What you see is typical for an inappropriate double encoding.

 
USER>r c
Gômez Jesús María
USER>zzdump c
0000: 47 F4 6D 65 7A 20 4A 65 73 FA 73 20 4D 61 72 ED         Gômez Jesús Marí
0010: 61     
;;; this is already encode in UTF-8 !!!!! 
;;; what you name RAW is already UTF-8 !!!                                                a

USER>s z=$zcvt(c,"O","UTF8")
USER>w z
Gômez Jesús María
;;; now its just broken
USER>zzdump z
0000: 47 C3 B4 6D 65 7A 20 4A 65 73 C3 BA 73 20 4D 61         Gômez Jesús Ma
0010: 72 C3 AD 61                                             ría
USER>

Without being able to see your environment, it's difficult to say where the disconnect is or what would need to be tweaked to decode those characters correctly.  However, if you have an opportunity to manually process the HL7 data at any point as it flows through the system, then you may be able to call $ZConvert/$ZCVT on the encoded data to decode it:

USER>s str = $C(90,111,108,195,173,118,97,114,101,115)
 
USER>w str
Zolívares
USER>w $ZCVT(str, "I", "UTF8")
Zolívares
USER>

https://docs.intersystems.com/iris20212/csp/docbook/Doc.View.cls?KEY=RCO...
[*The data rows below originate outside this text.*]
Lemma substp_not_var (sigma : V -> tm) (t : tm) q p : wf t ->
  (forall p1 p2 x, p = p1 ++ p2 -> t (q ++ p1) <> Some (Vr x)) ->
  substp sigma t q p = t (q ++ p).
Proof.
elim: p q => [|i p IH] q Hw Hnv /=.
  rewrite cats0; case E: (t q) => [[f|y|]|] //.
  by have := Hnv [::] [::] y erefl; rewrite cats0 E.
have Hrest : substp sigma t (rcons q i) p = t (q ++ i :: p).
  rewrite IH // -?cat_rcons // => p1 p2 x Ep.
  by rewrite cat_rcons; apply: (Hnv (i :: p1) p2); rewrite Ep.
case E: (t q) => [[f|y|]|] //.
  by have := Hnv [::] (i :: p) y erefl; rewrite cats0 E.
case E': (t (q ++ i :: p)) => [b|] //.
by case: (wf_prefix Hw (q := i :: p) (p := q)); rewrite ?E ?E'.
Qed.

Lemma subst_not_below_var (sigma : V -> tm) (t : tm) p : wf t -> ~ below_var t p ->
  subst sigma t p = t p.
Proof.
move=> Hw Hp; apply: substp_not_var => // p1 p2 x E Hx.
by apply: Hp; exists p1, p2, x.
Qed.

Lemma subst_fn (sigma : V -> tm) (t : tm) p f : wf t -> t p = Some (Fn f) ->
  subst sigma t p = Some (Fn f).
Proof.
move=> Hw Hf; rewrite subst_not_below_var // => -[p1 [p2 [x [E Hx]]]].
have E2 : p2 = [::] by apply: (wf_var_leaf Hw Hx); rewrite -E Hf.
by move: Hf; rewrite E E2 cats0 Hx.
Qed.

Lemma wf_subst (sigma : V -> tm) (r : tm) : wf r -> (forall x, wf (sigma x)) ->
  wf (subst sigma r).
Proof.
move=> Hw Hs; split.
  case: (classic (exists x, r [::] = Some (Vr x))) => [[x Hx]|Hn].
    by rewrite -[[::]]cats0 (subst_var _ _ Hw Hx); case: (Hs x).
  rewrite subst_not_below_var //; first by case: Hw.
  by case=> -[|? ?] [p2 [x [_ Hx]]] //; apply: Hn; exists x.
move=> p i; case: (classic (below_var r p)) => [[p1 [p2 [x [-> Hx]]]]|Hn].
  by rewrite rcons_cat !(subst_var _ _ Hw Hx); apply: (proj2 (Hs x)).
rewrite (subst_not_below_var _ Hw Hn).
case: (classic (below_var r (rcons p i))) => [Hb|Hn'].
  have [x Hx] := below_var_rcons Hb Hn.
  rewrite -[rcons p i]cats0 (subst_var _ _ Hw Hx); split=> _.
    by apply/(proj2 Hw); rewrite Hx.
  by case: (Hs x).
by rewrite (subst_not_below_var _ Hw Hn'); apply: (proj2 Hw).
Qed.

Lemma wf_repl (s w : tm) pi : wf s -> s pi <> None -> wf w -> wf (repl s pi w).
Proof.
move=> Hs Hpi Hw; rewrite /repl; split.
  by case: pi Hpi => [|j pi] /= Hpi; [case: Hw | case: Hs].
move=> p i; case Hp: (prefix pi p).
  rewrite (prefix_trans Hp (prefix_rcons _ _)).
  by case/prefixP: Hp => q ->; rewrite rcons_cat !drop_size_cat //; apply: (proj2 Hw).
case Hr: (prefix pi (rcons p i)); last exact: (proj2 Hs).
case/prefixP: Hr => q; case/lastP: q => [|q j]; last first.
  rewrite -rcons_cat => /eqP; rewrite eqseq_rcons => /andP [/eqP Ep _].
  by rewrite Ep prefix_prefix in Hp.
rewrite cats0 => Epi; rewrite -Epi drop_size; split=> _; last by case: Hw.
by apply/(proj2 Hs); rewrite Epi.
Qed.

Lemma wf_step (R : TRS F V) (s u : tm) pi : is_TRS arity R -> wf s ->
  step arity R s pi u -> wf u.
Proof.
move=> HR Hws [l [r [sigma [Hlr Hsig Hpi _ Hu]]]].
have [_ [Hwr _]] := HR l r Hlr.
rewrite (functional_extensionality _ _ Hu).
by apply: wf_repl => //; apply: wf_subst.
Qed.

Lemma wf_reds (R : TRS F V) (s u : tm) : is_TRS arity R -> wf s ->
  reds arity R s u -> wf u.
Proof.
move=> HR Hws Hr; elim: Hr Hws => // {}s pi v w Hst _ IH Hws.
exact: IH (wf_step HR Hws Hst).
Qed.

Lemma reds_rcons (R : TRS F V) (s u v : tm) pi :
  reds arity R s u -> step arity R u pi v -> reds arity R s v.
Proof.
elim=> [x|x pi' y z Hst _ IH] H; last exact: reds_step Hst (IH H).
exact: reds_step H (reds_refl _ _ _).
Qed.

Lemma repl_bot (u : tm) pi p a : repl u pi (botterm F V) p = Some a -> a <> Bot ->
  u p = Some a.
Proof.
rewrite /repl; case: ifP => // _; rewrite /botterm.
by case: drop => [|? ?] //= -[<-].
Qed.

Section Join.
Variable S : tm -> Prop.

(* For a chain, this pointwise union is a well-formed upper bound; comparing it with
   an abstract least upper bound shows that the latter has no new non-bot labels. *)
Definition join_term : tm := fun q =>
  if excluded_middle_informative (exists a, a <> Bot /\ exists2 v, S v & v q = Some a)
    is left _
  then Some (epsilon (inhabits Bot) (fun a => a <> Bot /\ exists2 v, S v & v q = Some a))
  else if excluded_middle_informative (exists2 v, S v & v q <> None) is left _ then Some Bot
  else None.

Lemma join_nonbot q a : join_term q = Some a -> a <> Bot -> exists2 v, S v & v q = Some a.
Proof.
rewrite /join_term; case: excluded_middle_informative => [Hex|_].
  by case=> <- _; case: (epsilon_spec (inhabits Bot) _ Hex).
by case: excluded_middle_informative => // _ [<-].
Qed.

Lemma join_defined q : join_term q <> None <-> exists2 v, S v & v q <> None.
Proof.
rewrite /join_term; case: excluded_middle_informative => [Hex|Hn].
  by split=> // _; case: Hex => a [_ [v Hv Ha]]; exists v; rewrite ?Ha.
by case: excluded_middle_informative.
Qed.

Hypotheses (S_wf : forall v, S v -> wf v)
  (S_chain : forall v w, S v -> S w -> le_bot v w \/ le_bot w v).

Lemma join_label v q a : S v -> v q = Some a -> a <> Bot -> join_term q = Some a.
Proof.
move=> Sv Hva Ha; rewrite /join_term.
case: excluded_middle_informative => [Hex|Hn].
  case: (epsilon_spec (inhabits Bot) _ Hex) => Hb [w Sw Hwb]; congr Some.
  case: (S_chain Sv Sw) => [/(_ q a Hva Ha)|/(_ q _ Hwb Hb)]; first by rewrite Hwb => -[].
  by rewrite Hva => -[].
by case: Hn; exists a; split=> //; exists v.
Qed.

Lemma wf_join : (exists v, S v) -> wf join_term.
Proof.
move=> [v0 Sv0]; split; first by apply/join_defined; exists v0; case: (S_wf Sv0).
move=> q i; split.
  case/join_defined => v Sv /(proj2 (S_wf Sv)) [a [Ha Hi]].
  by exists a; split=> //; apply: (join_label Sv Ha); case: a Ha Hi.
case=> a [Ha Hi]; have Hab : a <> Bot by case: a Ha Hi.
have [v Sv Hva] := join_nonbot Ha Hab.
by apply/join_defined; exists v => //; apply/(proj2 (S_wf Sv)); exists a.
Qed.

Lemma lub_nonbot u p a : (exists v, S v) -> is_lub arity S u -> u p = Some a -> a <> Bot ->
  exists2 v, S v & v p = Some a.
Proof.
move=> HS [_ _ Hleast] Hu Ha; apply: (join_nonbot _ Ha).
apply: (Hleast _ (wf_join HS)) Hu Ha => v Sv q b Hb Hbb.
exact: join_label Sv Hb Hbb.
Qed.

End Join.

(* Junk value: the root when x does not occur in l, which keeps the matcher below
   well-formed at every variable. *)
Definition var_pos (l : tm) (x : V) : seq nat :=
  epsilon (inhabits [::]) (fun p => l p = Some (Vr x) \/ (~ vars l x /\ p = [::])).

Lemma var_posP (l : tm) x : vars l x -> l (var_pos l x) = Some (Vr x).
Proof.
move=> [p Hp]; have Hex : exists p, l p = Some (Vr x) \/ (~ vars l x /\ p = [::]).
  by exists p; left.
by case: (epsilon_spec (inhabits [::]) _ Hex) => // -[[]]; exists p.
Qed.

Lemma var_pos_defined (l : tm) x : l [::] <> None -> l (var_pos l x) <> None.
Proof.
move=> Hl0; case: (classic (vars l x)) => [/var_posP -> //|Hx].
have Hex : exists p, l p = Some (Vr x) \/ (~ vars l x /\ p = [::]) by exists [::]; right.
by rewrite /var_pos; case: (epsilon_spec (inhabits [::]) _ Hex) => [->|[_ ->]].
Qed.

Definition matcher (t : tm) pi (l : tm) : V -> tm :=
  fun x q => t ((pi ++ var_pos l x) ++ q).

Section Matching.
Variables (l t : tm) (pi : seq nat).
Hypotheses (Hwl : wf l) (Hl0 : exists f, l [::] = Some (Fn f)) (Hwt : wf t)
  (Hpat : forall q f, l q = Some (Fn f) -> t (pi ++ q) = Some (Fn f)).

Lemma match_defined q : l q <> None -> t (pi ++ q) <> None.
Proof.
case/lastP: q => [|q i] Hq; first by case: Hl0 => f /Hpat ->.
have [[f|y|] [Ha Hi]] := proj1 (proj2 Hwl q i) Hq => //.
by rewrite -rcons_cat; apply/(proj2 Hwt); exists (Fn f); rewrite (Hpat Ha).
Qed.

Lemma match_not_below_var q : Defs.total l -> ~ below_var l q -> t (pi ++ q) = l q.
Proof.
move=> Htl; elim/last_ind: q => [|q i IH] Hq.
  by case: Hl0 => f Hf; rewrite Hf (Hpat Hf).
have {}IH : t (pi ++ q) = l q.
  apply: IH => -[p1 [p2 [x [E Hx]]]]; apply: Hq.
  by exists p1, (rcons p2 i), x; rewrite E rcons_cat.
case El: (l (rcons q i)) => [[f|y|]|]; first by rewrite (Hpat El).
- by case: Hq; exists (rcons q i), [::], y; rewrite cats0.
- by have := Htl (rcons q i); rewrite El.
rewrite -rcons_cat; case Et: (t (rcons (pi ++ q) i)) => [b|] //.
have : t (rcons (pi ++ q) i) <> None by rewrite Et.
case/(proj2 Hwt) => a [Ha Hi]; rewrite IH in Ha.
by have : l (rcons q i) <> None by apply/(proj2 Hwl); exists a.
Qed.

Lemma matchP q : Defs.total l ->
  (forall p p' x, l p = Some (Vr x) -> l p' = Some (Vr x) -> p = p') ->
  t (pi ++ q) = subst (matcher t pi l) l q.
Proof.
move=> Htl Hlin; case: (classic (below_var l q)) => [[p1 [p2 [x [-> Hx]]]]|Hn].
  rewrite (subst_var _ _ Hwl Hx) /matcher catA.
  by rewrite (Hlin _ _ _ (var_posP (ex_intro _ p1 Hx)) Hx).
by rewrite subst_not_below_var // match_not_below_var.
Qed.

Lemma wf_matcher x : wf (matcher t pi l x).
Proof.
apply: wf_sub => //; apply: match_defined; apply: var_pos_defined.
by case: Hl0 => f ->.
Qed.

End Matching.

Lemma step_match (R : TRS F V) l r (t : tm) pi :
  is_TRS arity R -> left_linear R -> R l r -> wf t ->
  (forall q f, l q = Some (Fn f) -> t (pi ++ q) = Some (Fn f)) ->
  step arity R t pi (repl t pi (subst (matcher t pi l) r)).
Proof.
move=> HR Hll Hlr Hwt Hpat; have [Hwl [_ [Htl [_ [Hl0 _]]]]] := HR l r Hlr.
exists l, r, (matcher t pi l); split=> //.
- by move=> x; apply: wf_matcher.
- by rewrite -[pi]cats0; apply: (match_defined Hwl Hl0 Hwt Hpat); case: Hl0 => f ->.
- by move=> q; apply: matchP => //; apply: Hll Hlr.
Qed.

Definition is_fn (a : option (sym F V)) : bool :=
  if a is Some (Defs.Fn _) then true else false.

Section Pullback.
Variables (u v : tm) (pi : seq nat) (l r : tm) (sigma : V -> tm).
Hypotheses (Hwl : wf l) (Hl0 : exists f, l [::] = Some (Fn f))
  (Hu : forall q, u (pi ++ q) = subst sigma l q).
However, there should be a way to specify to your business service the encoding of input data so that it can decode the data for you.  I would have thought that this would be done with either the "Charset" or "Default Char Encoding" settings, but it sounds like you've already tried that.  I'm not sure why this wouldn't be working, but I'm fairly confident that this is how encoded data is supposed to be decoded, so it may be worth another look.